Start of Block

Lemma Kle_conv_sub_conv_Keq (S : pt -> Prop) z :
  (forall x, S x -> box lo hi x /\ Gset x) ->
  Kle lo hi z -> conv S z -> conv (Keq lo hi) z.
Proof.
  intros HS [Bz Qz] Hz.
  assert (Uz : G_or_hull z).
  { apply (convex_conv_sub _ G_or_hull_convex); eapply conv_mono; [|exact Hz].
    intros x Sx; destruct (HS x Sx) as [Bx Gx]; split; auto; left; apply Gset_qform; auto. }
  destruct Uz as [_ [Q|Tz]]; auto.
  apply conv_of_mem; split; auto; unfold qform in Q; lra.
Qed.

End HullOfKeq.

(** * Points of the box in G lie in conv(V) *)

Lemma leftmost_nonneg (f : R -> R) L : continuity f -> L <= 0 -> 0 <= f 0 ->
  exists m, L <= m <= 0 /\ 0 <= f m /\ forall t, L <= t < m -> f t < 0.
Proof.
  intros Hc HL H0.
  set (E := fun u => L <= u /\ forall s, L <= s < u -> f s < 0).
  assert (Eb : forall u, E u -> u <= 0).
  { intros u [_ Hu]; destruct (Rle_lt_dec u 0); auto; specialize (Hu 0); lra. }
  destruct (completeness E) as [m [Hub Hlub]].
  { exists 0; intros u Hu; auto. }
  { exists L; split; [lra | intros; lra]. }
  assert (HLm : L <= m) by (apply Hub; split; [lra | intros; lra]).
  assert (Hm0 : m <= 0) by (apply Hlub; intros u Hu; auto).
  assert (Hbelow : forall t, L <= t < m -> f t < 0).
  { intros t Ht; apply NNPP; intros Hn; assert (m <= t); [|lra].
    apply Hlub; intros u [Hu1 Hu2].
    destruct (Rle_lt_dec u t); auto; exfalso; apply Hn, Hu2; lra. }
  exists m; repeat split; auto; try lra.
  destruct (Rle_lt_dec 0 (f m)) as [|Hneg]; auto; exfalso.
  (* f stays negative a little to the right of m, contradicting that m is the supremum. *)
  destruct (Hc m (- f m) ltac:(lra)) as [d [Hd Hdd]]; simpl in Hdd; unfold R_dist in Hdd.
  assert (E (m + d / 2)).
  { split; [lra|]; intros s Hs.
    destruct (Rlt_le_dec s m) as [Hsm|Hsm]; [apply Hbelow; lra|].
    destruct (Req_dec s m) as [->|Hne]; auto.
    assert (Rabs (f s - f m) < - f m)
      by (apply Hdd; split; [split; [exact I | auto] | rewrite Rabs_right; lra]).
    destruct (Rabs_def2 _ _ H); lra. }
  pose proof (Hub _ H); lra.
Qed.
Lemma min_skew_forcing_cycle_odd S :
  odd n -> min_skew_forcing (cycle_rel n) S = (#|S| == 1).
Proof.
move=> n_odd; have forcingE T : skew_forcing (cycle_rel n) T = (T != set0).
  apply/idP/set0Pn => [T_forcing | [w wT]].
    have [y yT _] :=
      skew_forcing_cycle_meet (Q := predT) (x := vertex0) (fun=> erefl) T_forcing isT.
    by exists y.
  by apply: skew_forcing_cycle_cover => x; exists w; rewrite ?n_odd.
rewrite (@min_skew_forcingE _ _ 1) ?forcingE.
- by rewrite -card_gt0; case: #|S| => [|[]].
- by move=> T; rewrite forcingE card_gt0.
- by exists [set vertex0]; rewrite ?forcingE ?cards1 // -card_gt0 cards1.
Qed.

Lemma cycle_rel_odd x y : ~~ odd n -> cycle_rel n x y -> odd y = ~~ odd x.
Proof.
move=> n_even; rewrite cycle_relE => /orP [] /eqP ->; rewrite ?odd_ordS //.
by rewrite -{2}[x]ord_predK odd_ordS ?negbK.
Qed.

Lemma skew_forcing_cycle_even S :
  ~~ odd n ->
  skew_forcing (cycle_rel n) S = [exists x in S, odd x] && [exists x in S, ~~ odd x].
Proof.
move=> n_even.
apply/idP/andP => [S_forcing | [/exists_inP [a aS a_odd] /exists_inP [b bS b_even]]].
  split; apply/exists_inP.
    apply: (skew_forcing_cycle_meet (Q := odd) (x := ordS vertex0) _ S_forcing).
      by move=> w; rewrite !odd_ordS ?negbK.
    by rewrite odd_ordS.
  apply: (skew_forcing_cycle_meet (Q := fun w => ~~ odd w) (x := vertex0) _ S_forcing) => //.
  by move=> w; rewrite !odd_ordS ?negbK.
apply: skew_forcing_cycle_cover => x; rewrite (negbTE n_even) /=.
by case: (odd x); [exists a | exists b]; rewrite ?a_odd ?(negbTE b_even).
Qed.
End Cycle.

Section EvenCycle.
Variable k : nat.
Hypothesis k_gt1 : 1 < k.
Implicit Types (i j : 'I_k) (x : 'I_k.*2) (p q : 'I_k * 'I_k) (S : {set 'I_k.*2}).

Fact even_vertex_subproof (i : 'I_k) : i.*2 < k.*2.
Proof. by rewrite ltn_double. Qed.

Fact odd_vertex_subproof (i : 'I_k) : i.*2.+1 < k.*2.
Proof. by rewrite -doubleS leq_double. Qed.

Definition even_vertex (i : 'I_k) : 'I_k.*2 := Ordinal (even_vertex_subproof i).
Definition odd_vertex (i : 'I_k) : 'I_k.*2 := Ordinal (odd_vertex_subproof i).

Definition pair_set (p : 'I_k * 'I_k) : {set 'I_k.*2} :=
  [set even_vertex p.1; odd_vertex p.2].

Lemma odd_even_vertex i : odd (even_vertex i) = false.
Proof. exact: odd_double. Qed.

Lemma odd_odd_vertex i : odd (odd_vertex i).
Proof. by rewrite /= odd_double. Qed.

Lemma even_vertex_inj : injective even_vertex.
Proof. by move=> i j [] /double_inj /val_inj. Qed.

Lemma odd_vertex_inj : injective odd_vertex.
Proof. by move=> i j [] /double_inj /val_inj. Qed.

Lemma even_odd_vertex_eq i j : (even_vertex i == odd_vertex j) = false.
Proof.
apply/negbTE/eqP => /(congr1 (fun v : 'I_k.*2 => odd v)).
by rewrite odd_even_vertex odd_odd_vertex.
Qed.

Lemma even_vertexP x : ~~ odd x -> exists i, x = even_vertex i.
Proof.
have x_half : x./2 < k by rewrite ltn_half_double.
move=> x_even; exists (Ordinal x_half); apply/val_inj.
by rewrite /= halfK (negbTE x_even) subn0.
Qed.

Lemma odd_vertexP x : odd x -> exists i, x = odd_vertex i.
Proof.
have x_half : x./2 < k by rewrite ltn_half_double.
move=> x_odd; exists (Ordinal x_half); apply/val_inj.
by rewrite /= -{1}(odd_double_half x) x_odd.
Qed.

Lemma card_pair_setD p q :
  #|pair_set p :\: pair_set q| = (p.1 != q.1) + (p.2 != q.2).
Proof.
rewrite card_set2D ?even_odd_vertex_eq // !inE !(inj_eq even_vertex_inj).
rewrite !(inj_eq odd_vertex_inj) even_odd_vertex_eq.
by rewrite [odd_vertex _ == _]eq_sym even_odd_vertex_eq !orbF.
Qed.

Lemma in_pair_setD p q x :
  (x \in pair_set p :\: pair_set q) =
  (x == even_vertex p.1) && (p.1 != q.1) || (x == odd_vertex p.2) && (p.2 != q.2).
Proof.
rewrite !inE; case: (eqVneq x (even_vertex p.1)) => [->|_].
  by rewrite (inj_eq even_vertex_inj) !even_odd_vertex_eq /= !orbF andbT.
case: (eqVneq x (odd_vertex p.2)) => [->|_]; rewrite ?andbF //.
by rewrite (inj_eq odd_vertex_inj) ![odd_vertex _ == _]eq_sym !even_odd_vertex_eq andbT.
Qed.

Lemma pair_set_inj : injective pair_set.
Proof.
move=> [i j] [i' j'] eq_pq; have := card_pair_setD (i, j) (i', j').
rewrite eq_pq setDv cards0 => /esym/eqP.
by rewrite addn_eq0 !eqb0 !negbK /= => /andP [/eqP -> /eqP ->].
Qed.

Lemma pair_set_exchange_odd p q x y :
  pair_set p :\: pair_set q = [set x] -> pair_set q :\: pair_set p = [set y] ->
  odd x = odd y.
Proof.
move=> Dx Dy; have := set11 x; have := set11 y; rewrite -Dx -Dy !in_pair_setD.
have := card_pair_setD p q; rewrite Dx cards1.
case: (eqVneq p.1 q.1) => [-> | _] /=.
  by rewrite !andbF /= => _ /andP [/eqP -> _] /andP [/eqP -> _]; rewrite !odd_odd_vertex.
case: (eqVneq p.2 q.2) => [-> _ | _ //].
by rewrite !andbF !orbF !andbT => /eqP -> /eqP ->; rewrite !odd_even_vertex.
Qed.

Lemma min_skew_forcing_pair_setP S :
  reflect (exists p, S = pair_set p) (min_skew_forcing (cycle_rel k.*2) S).
Proof.
have n_gt2 : 2 < k.*2 by rewrite -[2]/(1.*2) ltn_double.
have forcingE := skew_forcing_cycle_even n_gt2 _ (negbT (odd_double k)).
have pair_forcing p : skew_forcing (cycle_rel k.*2) (pair_set p).
  rewrite forcingE; apply/andP; split; apply/exists_inP;
    [exists (odd_vertex p.2) | exists (even_vertex p.1)];
    by rewrite ?inE ?eqxx ?orbT ?odd_odd_vertex ?odd_even_vertex.
have card_pair_set p : #|pair_set p| = 2 by rewrite cards2 even_odd_vertex_eq.
rewrite (@min_skew_forcingE _ _ 2); first last.
- have i0 : 'I_k := Ordinal (ltnW k_gt1).
  by exists (pair_set (i0, i0)).
- move=> T; rewrite forcingE => /andP [/exists_inP [a aT a_odd] /exists_inP [b bT b_even]].
  have ab : a != b by apply: contraTneq a_odd => ->.
  apply: leq_trans (subset_leq_card (_ : [set a; b] \subset T)); first by rewrite cards2 ab.
  by apply/subsetP => x; rewrite !inE => /orP [] /eqP ->.
apply: (iffP andP) => [[S_forcing /eqP S_card] | [p ->]].
  move: S_forcing; rewrite forcingE; case/andP.
  move=> /exists_inP [a aS /odd_vertexP [j a_eq]] /exists_inP [b bS /even_vertexP [i b_eq]].
  exists (i, j); apply/eqP; rewrite eq_sym eqEcard card_pair_set S_card leqnn andbT.
  by apply/subsetP => x; rewrite !inE => /orP [] /eqP ->; rewrite -?a_eq -?b_eq.
by rewrite pair_forcing card_pair_set.
Qed.

End EvenCycle.

Section OddCycleReconfiguration.
Variable n : nat.
Hypotheses (n_gt2 : 2 < n) (n_odd : odd n).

End of Block

▶ Aim of the task
Return the lines of the listing where the string "forall" appears.

▶ Response to the exercise
  (forall x, S x -> box lo hi x /\ Gset x) ->
  exists m, L <= m <= 0 /\ 0 <= f m /\ forall t, L <= t < m -> f t < 0.
  set (E := fun u => L <= u /\ forall s, L <= s < u -> f s < 0).
  assert (Eb : forall u, E u -> u <= 0).
  assert (Hbelow : forall t, L <= t < m -> f t < 0).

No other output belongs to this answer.